Nous l’avons vu, l’Algérie est une bombe amorcée dont la France craint à juste titre les retombées si elle venait à éclater. Les autorités d’Alger en jouent d’ailleurs en pratiquant avec efficacité un chantage induit auprès de Paris.
Pour conclure, pouvez-vous nous dire quels sont les atouts tactiques et stratégiques dont la France bénéficie encore dans cette région du monde si importante pour notre avenir ?
Il faut d’abord rappeler en quoi l’Afrique est si importante pour nos intérêts fondamentaux. La légende du pillage néocolonial français en Afrique est à peu près aussi sérieuse que les leçons d’histoire de Maître Gims. Les pays de la zone Franc ne pèsent rien dans l’économie française et l’objectif français n’est plus une domination coûteuse et inutile mais, au contraire, de favoriser l’émergence de puissances régionales pour éviter le Grand Effondrement du continent.
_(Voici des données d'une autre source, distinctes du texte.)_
(* Let $R$ be a field, $S$ an idempotent semifield and $v:R\to S$ a B\'ezout valuation. Then $v$ is surjective if and only if its restriction $v^\circ:R^\circ\to S^\circ$ is surjective.
   Context: An idempotent semiring is commutative with $a+a=a$, ordered by $a\le b$ iff $a+b=b$; a semifield has nonzero elements invertible. A valuation $v:R\to S$ satisfies $v(0)=0$, $v(1)=v(-1)=1$, $v(ab)=v(a)v(b)$, $v(a+b)\le v(a)+v(b)$, $v(a)\ne0$ for $a\ne0$. $R^\circ=\{a\in R:v(a)\le1\}$, $S^\circ=\{x\in S:x\le1\}$. $v$ is B\'ezout if for all $a,b\in R$ there are $x,y\in R^\circ$ with $v(xa+yb)=v(a)+v(b)$. *)

From HB Require Import structures.
From mathcomp Require Import all_boot all_order all_algebra.
Set Implicit Arguments. Unset Strict Implicit. Unset Printing Implicit Defensive.
Import GRing.Theory.
Local Open Scope ring_scope.

Definition idempotent_semiring (S : comNzSemiRingType) : Prop :=
  forall a : S, a + a = a.

Definition is_semifield (S : comNzSemiRingType) : Prop :=
  forall a : S, a != 0 -> exists b : S, a * b = 1.

Definition sle (S : comNzSemiRingType) (a b : S) : Prop := a + b = b.

Definition is_valuation (R : fieldType) (S : comNzSemiRingType) (v : R -> S) : Prop :=
  [/\ v 0 = 0, v 1 = 1, v (-1) = 1,
      (forall a b, v (a * b) = v a * v b) &
      [/\ (forall a b, sle (v (a + b)) (v a + v b)) &
           (forall a, a != 0 -> v a != 0)]].

Definition val_ring (R : fieldType) (S : comNzSemiRingType) (v : R -> S) (a : R) : Prop :=
  sle (v a) 1.

Definition semi_unit_ball (S : comNzSemiRingType) (x : S) : Prop := sle x 1.

Definition bezout_valuation (R : fieldType) (S : comNzSemiRingType) (v : R -> S) : Prop :=
  forall a b : R, exists x y : R,
    [/\ val_ring v x, val_ring v y & v (x * a + y * b) = v a + v b].

Definition restr_surjective (R : fieldType) (S : comNzSemiRingType) (v : R -> S) : Prop :=
  forall s : S, semi_unit_ball s -> exists a : R, val_ring v a /\ v a = s.

From mathcomp Require Import all_boot all_order all_algebra.
Set Implicit Arguments. Unset Strict Implicit. Unset Printing Implicit Defensive.
Import GRing.Theory.
Local Open Scope ring_scope.

(* Every s in an idempotent semifield is a quotient of two elements of the
   unit ball: t := s + 1 dominates both 1 and s, so t^-1 and s t^-1 lie below
   1, and s = (s t^-1) / t^-1.  Lifting numerator and denominator through v°
   and dividing in R lifts s. *)

Section IdempotentSemifield.

Variable S : comNzSemiRingType.
Hypothesis idemS : idempotent_semiring S.
Hypothesis semifieldS : is_semifield S.

Lemma sle_addl (x y : S) : sle x (x + y).
Proof. by rewrite /sle addrA idemS. Qed.

Lemma sle_addr (x y : S) : sle y (x + y).
Proof. by rewrite /sle addrCA idemS. Qed.

Lemma sle_mulr (z x y : S) : sle x y -> sle (x * z) (y * z).
Proof. by rewrite /sle -mulrDl => ->. Qed.

Lemma sle1_neq0 (t : S) : sle 1 t -> t != 0.
Proof.
by move=> le1t; apply/eqP => t0; move: le1t; rewrite /sle t0 addr0 => /eqP; rewrite oner_eq0.
Qed.

Lemma semifield_mulIf (y a b : S) : y != 0 -> a * y = b * y -> a = b.
Proof.
move=> /semifieldS [w yw] ab.
by rewrite -[a]mulr1 -[b]mulr1 -yw !mulrA ab.
Qed.

Lemma semifield_ratio_unit_ball (s : S) :
  exists x y : S, [/\ semi_unit_ball x, semi_unit_ball y, y != 0 & s * y = x].
Proof.
have t_neq0 : s + 1 != 0 by apply/sle1_neq0/sle_addr.
have [u tu] := semifieldS t_neq0.
have below1 z : sle z (s + 1) -> semi_unit_ball (z * u).
  by move=> /(sle_mulr u); rewrite tu.
exists (s * u), u; split=> //.
- exact/below1/sle_addl.
- by rewrite -[u]mul1r; apply/below1/sle_addr.
- by apply/eqP => u0; move: tu; rewrite u0 mulr0 => /eqP; rewrite eq_sym oner_eq0.
Qed.

End IdempotentSemifield.

Lemma valuation_divfK (R : fieldType) (S : comNzSemiRingType) (v : R -> S) :
  is_valuation v -> forall a b : R, b != 0 -> v (a / b) * v b = v a.
Proof. by move=> [_ _ _ vM _] a b b_neq0; rewrite -vM divfK. Qed.

Theorem corollary2p16 (R : fieldType) (S : comNzSemiRingType) (v : R -> S) :
  idempotent_semiring S -> is_semifield S ->
  is_valuation v -> bezout_valuation v ->
  ((forall s : S, exists a : R, v a = s) <-> restr_surjective v).
Proof.
move=> idemS semifieldS v_val _; split.
  by move=> v_surj s s1; have [a va] := v_surj s; exists a; rewrite /val_ring va.
move=> restr_surj s.
have [x [y [x1 y1 y_neq0 sy]]] := semifield_ratio_unit_ball idemS semifieldS s.
have [d [_ vd]] := restr_surj x x1.
have [c [_ vc]] := restr_surj y y1.
have c_neq0 : c != 0.
  by apply: contra_neq y_neq0 => c0; rewrite -vc c0; case: v_val.
exists (d / c); apply: (semifield_mulIf semifieldS y_neq0).
by rewrite -{1}vc valuation_divfK // vd sy.
Qed.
Avec une démographie hors de contrôle, des Etats faillis et des élites corrompues, l’Afrique sub-saharienne concentrait un quart des très pauvres du globe en 1990. Le chiffre est monté à 60% aujourd’hui et les projections sont de 90 % pour 2030. Pour commencer à résorber la pauvreté, la Banque Mondiale estime qu’il lui faudrait une croissance de 9 % au moins pendant une décennie. Elle devrait être de 3% à peine en 2023.
La France est probablement la puissance extérieure la plus à même d’aider les Africains à surmonter les immenses défis qui les attendent. Sa connaissance inégalée de la région et de ses problématiques (à condition de daigner en faire usage et de ne pas livrer sa politique africaine aux inspirations contradictoires du moment) ; l’existence de diasporas françaises en Afrique et africaines en France ; la proximité linguistique avec de nombreux États et le maintien d’une présence militaire, même allégée, constituent autant d’atouts pour tenter d’empêcher un naufrage dont l’Europe subirait les conséquences de plein fouet.